Since we looked at Aflac last year, the company has kept its five-point score, marking the third year in a row the company scored right in the middle. The stock has done reasonably well in a tough environment for insurance stocks, rising around 15% over the past year.
Aflac has managed to do well even as many of its fellow insurers have struggled. Hartford Financial (NYS: HIG) and Travelers (NYS: TRV) produce much lower returns on equity, due largely to their exposure to natural disasters like Hurricane Irene last year and Sandy this year.
The key to Aflac's success is its unusual line of product offerings. By doing most of its business in Japan, Aflac was in the right place at the right time to avoid much of the health-care debate that held more U.S.-focused health insurers UnitedHealth (NYS: UNH) and WellPoint (NYS: WLP) in check. Moreover, Aflac offers supplemental insurance rather than the primary coverage that UnitedHealth and WellPoint tend to offer, and the margins on certain supplemental policies can often be much higher than those on more traditional policies.
That success has helped Aflac reward shareholders more effectively.

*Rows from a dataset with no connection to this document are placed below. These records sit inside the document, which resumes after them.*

(* Let $H$ be an Abelian group, $X$ a simplicial set, $Z\subset X$ a simplicial subset with inclusion $i:Z\to X$, and $j:X\to X/Z$ the quotient map collapsing $Z$ to a point. Let $\beta:(X/Z)_2\to H$ be a normalized 2-cocycle, let $\eta$ be the $N(H)$-valued twisting function on $X/Z$ associated to $\beta$, and let $\eta|_X=\eta\circ j$. Let $\mathrm{sDist}_\eta(X/Z)$ be the set of twisted distributions on $\pi_\eta: N(H)\times_\eta X/Z\to X/Z$, and let $\mathrm{sDist}_\eta(X,0)$ be the set of twisted distributions $p$ on $N(H)\times_{\eta|_X}X\to X$ such that $p\circ i=\delta^{\varphi_0}$, where $\varphi_0(z)=(0,z)$ is the zero section over $Z$. Then there is a convex isomorphism (a bijection preserving convex combinations) \[ \mathrm{sDist}_\eta(X/Z)\cong \mathrm{sDist}_\eta(X,0). \]
   Context: Distributions take values in $R=\mathbb{R}_{\ge 0}$: $D(S)$ is the set of finitely supported $p:S\to\mathbb{R}_{\ge0}$ with $\sum_s p(s)=1$, extended levelwise to simplicial sets. For a simplicial map $\pi:E\to Y$, a (twisted) distribution on $\pi$ is a simplicial map $p:Y\to D(E)$ with $D(\pi)\circ p=\delta$ ($\delta$ = delta distribution). $N(H)$ is the nerve of $H$: $N(H)_n=H^n$, $d_0$ drops the first entry, $d_n$ drops the last, $d_i(a_1,\dots,a_n)=(\dots,a_i+a_{i+1},\dots)$ for $0<i<n$, $s_j$ inserts $0$ after the $j$-th entry. A twisting function $\eta=\{\eta_n:Y_n\to N(H)_{n-1}\}$ defines the simplicial set $N(H)\times_\eta Y$ with simplices $N(H)_n\times Y_n$, faces $d_i(g,y)=(d_ig,d_iy)$ for $i>0$, $d_0(g,y)=(d_0g+\eta_n(y),d_0y)$, degeneracies componentwise. A normalized 2-cocycle is $\beta:Y_2\to H$ vanishing on degenerate simplices with $\beta(d_0\sigma)-\beta(d_1\sigma)+\beta(d_2\sigma)-\beta(d_3\sigma)=0$ for $\sigma\in Y_3$; its associated twisting function is $\eta_1=0$, $\eta_2=\beta$, $\eta_n(y)=\big(\beta(d_3\cdots d_n y),\ \eta_{n-1}(d_1y)-\eta_{n-1}(d_0y)\big)\in H\times H^{n-2}$. Since $j\circ i$ factors through a point, $\eta|_X$ vanishes on $Z$, so the restriction of $N(H)\times_{\eta|_X}X$ to $Z$ is $N(H)\times Z$ and $p\circ i$ is a distribution on it. *)

From mathcomp Require Import all_boot all_algebra.
From mathcomp Require Import boolp classical_sets cardinality fsbigop reals.
Set Implicit Arguments. Unset Strict Implicit. Unset Printing Implicit Defensive.
Import GRing.Theory Num.Theory.
Local Open Scope ring_scope.
Local Open Scope classical_set_scope.

(* face n i : X_(n+1) -> X_n  is d_i (meaningful for i <= n+1),
   degen n j : X_n -> X_(n+1) is s_j (meaningful for j <= n).               *)
Record sdata := SData {
  sx :> nat -> choiceType;
  face : forall n : nat, nat -> sx n.+1 -> sx n;
  degen : forall n : nat, nat -> sx n -> sx n.+1 }.
Arguments face {s} n i _.
Arguments degen {s} n j _.

Definition isSSet (X : sdata) : Prop :=
  [/\ (forall n (x : X n.+2) i j, (i < j <= n.+2)%N ->
         face n i (face n.+1 j x) = face n j.-1 (face n.+1 i x)),
      (forall n (x : X n) i j, (i <= j <= n)%N ->
         degen n.+1 i (degen n j x) = degen n.+1 j.+1 (degen n i x)),
      (forall n (x : X n.+1) i j, (i < j <= n.+1)%N ->
         face n.+1 i (degen n.+1 j x) = degen n j.-1 (face n i x)),
      (forall n (x : X n) j, (j <= n)%N ->
         face n j (degen n j x) = x /\ face n j.+1 (degen n j x) = x)
    & (forall n (x : X n.+1) i j, (j.+1 < i <= n.+2)%N ->
         face n.+1 i (degen n.+1 j x) = degen n j (face n i.-1 x))].

Definition subSSet (X : sdata) (Z : forall n, pred (X n)) : Prop :=
  (forall n i (x : X n.+1), (i <= n.+1)%N -> Z n.+1 x -> Z n (face n i x)) /\
  (forall n j (x : X n), (j <= n)%N -> Z n x -> Z n.+1 (degen n j x)).

(* (X/Z)_n = (X_n \ Z_n) + {*}; None is the collapsed point.                 *)
Definition quot_carrier (X : sdata) (Z : forall n, pred (X n)) (n : nat) : choiceType :=
  Choice.clone (option {x : X n | ~~ Z n x}) _.

Definition quot (X : sdata) (Z : forall n, pred (X n)) : sdata :=
  @SData (quot_carrier Z)
    (fun n i o => obind (fun x => insub (face n i (val x))) o)
    (fun n j o => obind (fun x => insub (degen n j (val x))) o).

Definition qmap (X : sdata) (Z : forall n, pred (X n)) (n : nat) (x : X n) :
  quot Z n := insub x.

Section Nerve.
Variable H : zmodType.

(* N(H)_n = H^n, an n-tuple (a_1,...,a_n) stored 0-based *)
Definition NH (n : nat) := {ffun 'I_n -> H}.

Definition nget n (g : NH n) (k : nat) : H :=
  if insub k is Some o then g o else 0.

Definition nface n (i : nat) (g : NH n.+1) : NH n :=
  [ffun k : 'I_n => if (k.+1 < i)%N then nget g k
                    else if k.+1 == i then nget g k + nget g k.+1
                    else nget g k.+1].

Definition ndegen n (j : nat) (g : NH n) : NH n.+1 :=
  [ffun k : 'I_n.+1 => if (k < j)%N then nget g k
                       else if k == j :> nat then 0 else nget g k.-1].

Definition nadd n (g h : NH n) : NH n := [ffun k => g k + h k].

Definition tprod (Y : sdata) (tw : forall n, Y n.+1 -> NH n) : sdata :=
  @SData (fun n => Choice.clone (NH n * Y n)%type _)
    (fun n i gy => if i == 0%N then (nadd (nface 0 gy.1) (tw n gy.2), face n 0 gy.2)
                   else (nface i gy.1, face n i gy.2))
    (fun n j gy => (ndegen j gy.1, degen n j gy.2)).

Definition tproj (Y : sdata) (tw : forall n, Y n.+1 -> NH n) n
  (gy : tprod tw n) : Y n := gy.2.

Definition normCocycle (Y : sdata) (beta : Y 2 -> H) : Prop :=
  (forall (y : Y 1) j, (j <= 1)%N -> beta (degen 1 j y) = 0) /\
  (forall s : Y 3, beta (face 2 0 s) - beta (face 2 1 s)
                   + beta (face 2 2 s) - beta (face 2 3 s) = 0).

Fixpoint topfaces (Y : sdata) (k : nat) : Y k.+2 -> Y 2 :=
  match k return Y k.+2 -> Y 2 with
  | 0 => fun y => y
  | k'.+1 => fun y => @topfaces Y k' (face k'.+2 k'.+3 y)
  end.

Fixpoint etaL (Y : sdata) (beta : Y 2 -> H) (m : nat) : Y m.+1 -> seq H :=
  match m return Y m.+1 -> seq H with
  | 0 => fun _ => [::]
  | S m1 =>
    match m1 return (Y m1.+1 -> seq H) -> Y m1.+2 -> seq H with
    | 0 => fun _ y => [:: beta y]
    | S k => fun rec y =>
        beta (@topfaces Y k.+1 y) ::
          [seq p.1 - p.2 | p <- zip (rec (face k.+2 1 y)) (rec (face k.+2 0 y))]
    end (@etaL Y beta m1)
  end.

(* eta n : Y_(n+1) -> N(H)_n  (this is eta_(n+1) of the paper) *)
Definition twf (Y : sdata) (beta : Y 2 -> H) (n : nat) (y : Y n.+1) : NH n :=
  [ffun k : 'I_n => nth 0 (@etaL Y beta n y) k].

End Nerve.

Section Dist.
Variable R : realType.

Definition isDist (S : choiceType) (p : S -> R) : Prop :=
  [/\ forall x, 0 <= p x, finite_set [set x | p x != 0]
    & \sum_(x \in [set: S]) p x = 1].

Definition push (S T : choiceType) (f : S -> T) (p : S -> R) : T -> R :=
  fun t => \sum_(x \in [set x | f x = t]) p x.

Definition delta (S : choiceType) (s : S) : S -> R := fun t => (t == s)%:R.

(* twisted distributions on pi : E -> Y: simplicial maps p : Y -> D(E)
   with D(pi) o p = delta *)
Definition twDist (Y E : sdata) (pi : forall n, E n -> Y n)
    (p : forall n, Y n -> E n -> R) : Prop :=
  [/\ forall n y, isDist (p n y),
      forall n i (y : Y n.+1), (i <= n.+1)%N ->
        p n (face n i y) = push (face n i) (p n.+1 y),
      forall n j (y : Y n), (j <= n)%N ->
        p n.+1 (degen n j y) = push (degen n j) (p n y)
    & forall n y, push (@pi n) (p n y) = delta y].

Definition convcomb (Y E : sdata) (t : R) (p q : forall n, Y n -> E n -> R) :
  forall n, Y n -> E n -> R := fun n y e => t * p n y e + (1 - t) * q n y e.

Definition convex_iso (Y E Y' E' : sdata)
    (A : set (forall n, Y n -> E n -> R)) (B : set (forall n, Y' n -> E' n -> R))
    (F : (forall n, Y n -> E n -> R) -> (forall n, Y' n -> E' n -> R)) : Prop :=
  [/\ forall p, A p -> B (F p),
      forall p q, A p -> A q -> F p = F q -> p = q,
      forall q, B q -> exists2 p, A p & F p = q
    & forall p q (t : R), A p -> A q -> 0 <= t <= 1 ->
        F (convcomb t p q) = convcomb t (F p) (F q)].

Definition sDistQ (H : zmodType) (X : sdata) (Z : forall n, pred (X n))
    (beta : quot Z 2 -> H) : set (forall n, quot Z n -> tprod (twf beta) n -> R) :=
  fun p => twDist (@tproj H _ (twf beta)) p.

Definition twX (H : zmodType) (X : sdata) (Z : forall n, pred (X n))
    (beta : quot Z 2 -> H) n (x : X n.+1) : NH H n := twf beta (qmap Z x).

Through thick and thin, though, Aflac has managed to boost its dividends. It predictably hiked its payout recently, marking the 30th consecutive year it has done so.
For Aflac to improve, more favorable conditions in the bond market would be helpful to drive investment income and help boost profits. For the most part, though, Aflac has done a good job of enduring tough times, and the future looks bright in the long run for the stock.
No stock is a sure thing, but some stocks are a lot closer to perfect than others. By looking for the perfect stock, you'll go a long way toward improving your investing prowess and learning how to separate out the best investments from the rest.
The best investing approach is to choose great companies and stick with them for the long term. In our free report "3 Stocks That Will Help You Retire Rich," we name stocks that could help you build long-term wealth and retire well, along with some winning wealth-building strategies that every investor should be aware of. Click here now to keep reading.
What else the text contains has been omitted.